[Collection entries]
__________________________________________________
(* Let $p$ be a prime number, and $G$ a finite group that admits a normal $p$-subgroup $E$. Consider a subgroup $H$ of $E$ with $\text{Ш}_{\omega}^{2}(E,J_{E/H})=0$, and let $\mathcal{D}$ be an admissible set of subgroups of $G$. Then there is an exact sequence \[ 0\rightarrow ((E \cap HG^{\mathrm{der}})/HE^{\mathrm{der}})^{\vee}\rightarrow \operatorname{Sel}_{H,\mathcal{D}}^{2}(G,J_{G/E}) \xrightarrow{j_{*}} \text{Ш}_{\mathcal{D}}^{2}(G,J_{G/H}) \rightarrow 0. \]
   Context: For $H<G$, $J_{G/H}$ is defined by $0\to\mathbb{Z}\to\operatorname{Ind}_H^G\mathbb{Z}\to J_{G/H}\to0$. For $H<E<G$ there is an exact sequence of $G$-lattices $0\to J_{G/E}\xrightarrow{j} J_{G/H}\to \operatorname{Ind}_E^G J_{E/H}\to 0$, and $j_*\colon H^2(G,J_{G/E})\to H^2(G,J_{G/H})$ is the induced map. For a set $\mathcal{D}$ of subgroups, $\text{Ш}^2_{\mathcal{D}}(G,M):=\ker\big(H^2(G,M)\to\bigoplus_{D\in\mathcal{D}}H^2(D,M)\big)$ and $\text{Ш}^2_\omega$ is the case where $\mathcal{D}$ is the set of cyclic subgroups; $\mathcal{D}$ is admissible if it contains all cyclic subgroups and is closed under conjugation. $\operatorname{Sel}_{H,\mathcal{D}}^{2}(G,J_{G/E}):=j_*^{-1}(\text{Ш}^2_{\mathcal{D}}(G,J_{G/H}))\subset H^2(G,J_{G/E})$. $G^{\mathrm{der}}$ denotes the commutator subgroup, and $A^\vee=\mathrm{Hom}(A,\mathbb{Q}/\mathbb{Z})$. *)

From mathcomp Require Import all_boot all_order all_algebra all_fingroup all_solvable.
Set Implicit Arguments. Unset Strict Implicit. Unset Printing Implicit Defensive.
Import GRing.Theory Num.Theory.
Local Open Scope ring_scope.

Section Coh.
Variable gT : finGroupType.

(* Ind_H^A Z, realized as Z-valued functions on gT supported on A and
   right H-invariant (the coset xH <-> its indicator function).  The action
   of g is (g . phi)(x) = phi (g^-1 x). *)
Definition Ind (A H : {set gT}) (phi : gT -> int) : Prop :=
  (forall x, x \notin A -> phi x = 0) /\
  (forall x h, x \in A -> h \in H -> phi (x * h)%g = phi x).

(* phi lies in the image of Z -> Ind_H^A Z (1 |-> sum of all cosets = 1_A);
   so J_{A/H} = Ind_H^A Z / Z and "phi = 0 in J" means IsConst A phi. *)
Definition IsConst (A : {set gT}) (phi : gT -> int) : Prop :=
  exists n : int, forall x, x \in A -> phi x = n.

(* 2-cochains with values in Ind_H^A Z (representing J_{A/H}-valued cochains) *)
Definition cochain2 := gT -> gT -> gT -> int.

Definition cocycle (A H D : {set gT}) (c : cochain2) : Prop :=
  (forall g1 g2, g1 \in D -> g2 \in D -> Ind A H (c g1 g2)) /\
  (forall g1 g2 g3, g1 \in D -> g2 \in D -> g3 \in D ->
     IsConst A (fun x => c g2 g3 (g1^-1 * x)%g - c (g1 * g2)%g g3 x
                         + c g1 (g2 * g3)%g x - c g1 g2 x)).

Definition coboundary (A H D : {set gT}) (c : cochain2) : Prop :=
  exists b : gT -> gT -> int,
    (forall g, g \in D -> Ind A H (b g)) /\
    (forall g1 g2, g1 \in D -> g2 \in D ->
       IsConst A (fun x => c g1 g2 x
                   - (b g2 (g1^-1 * x)%g - b (g1 * g2)%g x + b g1 x))).

Definition cohomologous (A H D : {set gT}) (c c' : cochain2) : Prop :=
  coboundary A H D (fun g1 g2 x => c g1 g2 x - c' g1 g2 x).

Definition sha_omega_trivial (E H : {set gT}) : Prop :=
  forall c, cocycle E H E c ->
    (forall C : {group gT}, C \subset E -> cyclic C -> coboundary E H C c) ->
    coboundary E H E c.

Definition admissible (G : {set gT}) (Ds : {set {group gT}}) : Prop :=
  (forall D : {group gT}, D \in Ds -> D \subset G) /\
  (forall C : {group gT}, C \subset G -> cyclic C -> C \in Ds) /\
  (forall (D : {group gT}) g, D \in Ds -> g \in G -> (D :^ g)%G \in Ds).

(* Elements of Hom(K/N, Q/Z), represented by rational lifts *)
Definition dual_elt (K N : {set gT}) (chi : gT -> rat) : Prop :=
  (forall x y, x \in K -> y \in K -> chi (x * y)%g - chi x - chi y \is a Num.int) /\
  (forall h, h \in N -> chi h \is a Num.int).

Definition dual_eq (K : {set gT}) (chi chi' : gT -> rat) : Prop :=
  forall x, x \in K -> chi x - chi' x \is a Num.int.

End Coh.

(* Cochains with values in J_{A/H} are integral functions modulo constants, and
   all constructions are carried out on rational lifts: with coefficients in Q
   every cocycle of a finite group is a coboundary (average over the group), so
   only integrality has to be tracked.

   Let F be a right H-invariant function on G with F (x e) - F x = F e - F 1
   modulo Z for e in E, and let tr be a transversal of G/E.  The coboundary
   Psi F of (g, x) |-> F (tr x) - F (g^-1 tr x) is an integral E-invariant
   cocycle, trivial in H^2(G, J_{G/H}); it is trivial in H^2(G, J_{G/E}) iff
   the Q/Z-character F - F 1 of E extends to G, i.e. (Q/Z being injective) iff
   it vanishes on K = E :&: H G'.  Every class in ker j_* is some Psi F, and
   Q/Z-characters of K trivial on N = H E' extend to E, which identifies
   (K/N)^vee with ker j_*.

   For surjectivity, a J_{G/H}-cocycle that is trivial on all cyclic subgroups
   restricts to such a cocycle of E, which is trivial by the hypothesis on
   Sha^2_omega(E, J_{E/H}); transporting this trivialization along tr turns the
   cocycle into a cohomologous E-invariant one, i.e. into an element of the
   Selmer group mapping to it. *)

From mathcomp Require Import all_boot all_order all_algebra all_fingroup all_solvable.
From mathcomp Require Import ring lra zify.
From Stdlib Require Import ClassicalEpsilon.
Import GRing.Theory Num.Theory.
Local Open Scope ring_scope.

Set Implicit Arguments. Unset Strict Implicit. Unset Printing Implicit Defensive.

Local Notation integral q := (q \is a @Num.int rat).

Local Ltac int_closure :=
  repeat (first [assumption | rewrite rpredN | apply: rpredD | apply: rpred0]).

Section RationalCochains.
Variable gT : finGroupType.
Implicit Types (D : {group gT}) (X : {set gT}).

Definition delta1 (b : gT -> gT -> rat) g1 g2 x :=
  b g2 (g1^-1 * x)%g - b (g1 * g2)%g x + b g1 x.

Definition delta2 (c : gT -> gT -> gT -> rat) g1 g2 g3 x :=
  c g2 g3 (g1^-1 * x)%g - c (g1 * g2)%g g3 x + c g1 (g2 * g3)%g x - c g1 g2 x.

Lemma delta2_delta1 b g1 g2 g3 x : delta2 (delta1 b) g1 g2 g3 x = 0.
Proof. by rewrite /delta2 /delta1 !invMg !mulgA; ring. Qed.

(* Cohomology of D with values in a Q-module is killed by #|D|: averaging over D
   gives the contracting homotopies avg2 and avg1 in degrees 2 and 1 *)
Definition avg2 D (c : gT -> gT -> gT -> rat) g x :=
  (#|D|%:R)^-1 * \sum_(k in D) c g k x.

Definition avg1 D (z : gT -> gT -> rat) x := - (#|D|%:R)^-1 * \sum_(k in D) z k x.

Lemma sum_mulgl D g (f : gT -> rat) : g \in D ->
  \sum_(k in D) f (g * k)%g = \sum_(k in D) f k.
Proof.
move=> gD; rewrite [RHS](reindex_inj (mulgI g)) /=.
by apply: eq_bigl => k; rewrite groupMl.
Qed.

Lemma card_neq0 D : (#|D|%:R : rat) != 0.
Proof. by rewrite pnatr_eq0 -lt0n cardG_gt0. Qed.

Lemma avg2_const D X c :
  (forall g1 g2 g3 x y, g1 \in D -> g2 \in D -> g3 \in D -> x \in X -> y \in X ->
     delta2 c g1 g2 g3 x = delta2 c g1 g2 g3 y) ->
  forall g1 g2 x y, g1 \in D -> g2 \in D -> x \in X -> y \in X ->
   c g1 g2 x - delta1 (avg2 D c) g1 g2 x = c g1 g2 y - delta1 (avg2 D c) g1 g2 y.
Proof.
move=> c_const g1 g2 x y g1D g2D xX yX.
have avgE z : c g1 g2 z - delta1 (avg2 D c) g1 g2 z =
    - (#|D|%:R)^-1 * \sum_(k in D) delta2 c g1 g2 k z.
  rewrite /delta1 /avg2 /delta2 sumrB big_split sumrB /=.
  rewrite (@sum_mulgl D g2 (fun k => c g1 k z) g2D) sumr_const -mulr_natr.
  by field; apply: card_neq0.
by rewrite !avgE; congr (_ * _); apply: eq_bigr => k kD; apply: c_const.
Qed.

Lemma avg1_const D X z :
  (forall g1 g2 x y, g1 \in D -> g2 \in D -> x \in X -> y \in X ->
     z (g1 * g2)%g x - z g1 x - z g2 (g1^-1 * x)%g =
     z (g1 * g2)%g y - z g1 y - z g2 (g1^-1 * y)%g) ->
  forall g x y, g \in D -> x \in X -> y \in X ->
   z g x - (avg1 D z (g^-1 * x)%g - avg1 D z x) =
   z g y - (avg1 D z (g^-1 * y)%g - avg1 D z y).
Proof.
move=> z_const g x y gD xX yX.
have avgE u : z g u - (avg1 D z (g^-1 * u)%g - avg1 D z u) =
    - (#|D|%:R)^-1 * \sum_(k in D) (z (g * k)%g u - z g u - z k (g^-1 * u)%g).
  rewrite /avg1 sumrB sumrB /=.
  rewrite (@sum_mulgl D g (fun k => z k u) gD) sumr_const -mulr_natr.
  by field; apply: card_neq0.
by rewrite !avgE; congr (_ * _); apply: eq_bigr => k kD; apply: z_const.
Qed.

Lemma eq_avg2 D c g x y :
  (forall k, k \in D -> c g k x = c g k y) -> avg2 D c g x = avg2 D c g y.
Proof. by move=> eq_c; congr (_ * _); apply: eq_bigr. Qed.
Lemma Fitt_pullback_swap (R : comPzRingType) (B B' C : lmodType R)
    (g : {linear B -> C}) (g' : {linear B' -> C}) r :
  Fitt (pullback g g') r -> Fitt (pullback g' g) r.
Proof.
apply: (Fitt_surj (h := pb_swap (g := g) (g' := g'))) => q.
by exists (pb_swap q); apply: pb_swapK.
Qed.

Section PullbackExact.
Variables (R : comPzRingType) (A B B' C : lmodType R).
Variables (f : {linear A -> B}) (g : {linear B -> C}) (g' : {linear B' -> C}).
Hypothesis ses : short_exact f g.

Lemma pb_inl_subproof a : g (f a) = g' 0.
Proof. by rewrite linear0; apply/ses.2.2; exists a. Qed.

Definition pb_inl (a : A) : pullback g g' := Pullback (pullback_mem (pb_inl_subproof a)).

Lemma pb_inl_is_linear : linear pb_inl.
Proof.
move=> c a a'; apply: val_inj; rewrite /= linearP; apply/eqP.
by rewrite xpair_eqE /= scaler0 addr0 !eqxx.
Qed.
HB.instance Definition _ :=
  GRing.isLinear.Build R A (pullback g g') _ pb_inl pb_inl_is_linear.

Lemma pullback_ses : short_exact pb_inl (pb_snd (g := g) (g' := g')).
Proof.
have [f_inj [g_surj exact_fg]] := ses.
split=> [a a' /(congr1 (pb_fst (g := g) (g' := g')))/f_inj // | ]; split=> [b' | p].
  have [b gb] := g_surj (g' b').
  by exists (Pullback (pullback_mem gb)).
split=> [p0 | [a <-] //].
have /exact_fg[a fa] : g (pb_fst p) = 0 by rewrite pullbackP p0 linear0.
by exists a; apply: val_inj; rewrite /= fa -p0; case: p {fa p0} => [[]].
Qed.

End PullbackExact.

Theorem lemma2p7 (R : comPzRingType) (A B A' B' C : lmodType R)
  (f : {linear A -> B}) (g : {linear B -> C})
  (f' : {linear A' -> B'}) (g' : {linear B' -> C}) :
  quad_presented B -> quad_presented B' ->
  short_exact f g -> short_exact f' g' ->
  forall r : R,
    ideal_mul (Fitt A) (Fitt B') r <-> ideal_mul (Fitt A') (Fitt B) r.
Proof.
move=> quad_B quad_B' ses ses' r.
have Fitt_pb := Fitt_ses (pullback_ses g' ses) quad_B' r.
have Fitt_pb' := Fitt_ses (pullback_ses g ses') quad_B r.
by split=> [/Fitt_pb/Fitt_pullback_swap/Fitt_pb' | /Fitt_pb'/Fitt_pullback_swap/Fitt_pb].
Qed.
__________________________________________________
* **Work order**
The first line of the entries above marks where to begin; repeat each line exactly through the one that contains "is defined by", and include that line.

* **Answer section**
(* Let $p$ be a prime number, and $G$ a finite group that admits a normal $p$-subgroup $E$. Consider a subgroup $H$ of $E$ with $\text{Ш}_{\omega}^{2}(E,J_{E/H})=0$, and let $\mathcal{D}$ be an admissible set of subgroups of $G$. Then there is an exact sequence \[ 0\rightarrow ((E \cap HG^{\mathrm{der}})/HE^{\mathrm{der}})^{\vee}\rightarrow \operatorname{Sel}_{H,\mathcal{D}}^{2}(G,J_{G/E}) \xrightarrow{j_{*}} \text{Ш}_{\mathcal{D}}^{2}(G,J_{G/H}) \rightarrow 0. \]
   Context: For $H<G$, $J_{G/H}$ is defined by $0\to\mathbb{Z}\to\operatorname{Ind}_H^G\mathbb{Z}\to J_{G/H}\to0$. For $H<E<G$ there is an exact sequence of $G$-lattices $0\to J_{G/E}\xrightarrow{j} J_{G/H}\to \operatorname{Ind}_E^G J_{E/H}\to 0$, and $j_*\colon H^2(G,J_{G/E})\to H^2(G,J_{G/H})$ is the induced map. For a set $\mathcal{D}$ of subgroups, $\text{Ш}^2_{\mathcal{D}}(G,M):=\ker\big(H^2(G,M)\to\bigoplus_{D\in\mathcal{D}}H^2(D,M)\big)$ and $\text{Ш}^2_\omega$ is the case where $\mathcal{D}$ is the set of cyclic subgroups; $\mathcal{D}$ is admissible if it contains all cyclic subgroups and is closed under conjugation. $\operatorname{Sel}_{H,\mathcal{D}}^{2}(G,J_{G/E}):=j_*^{-1}(\text{Ш}^2_{\mathcal{D}}(G,J_{G/H}))\subset H^2(G,J_{G/E})$. $G^{\mathrm{der}}$ denotes the commutator subgroup, and $A^\vee=\mathrm{Hom}(A,\mathbb{Q}/\mathbb{Z})$. *)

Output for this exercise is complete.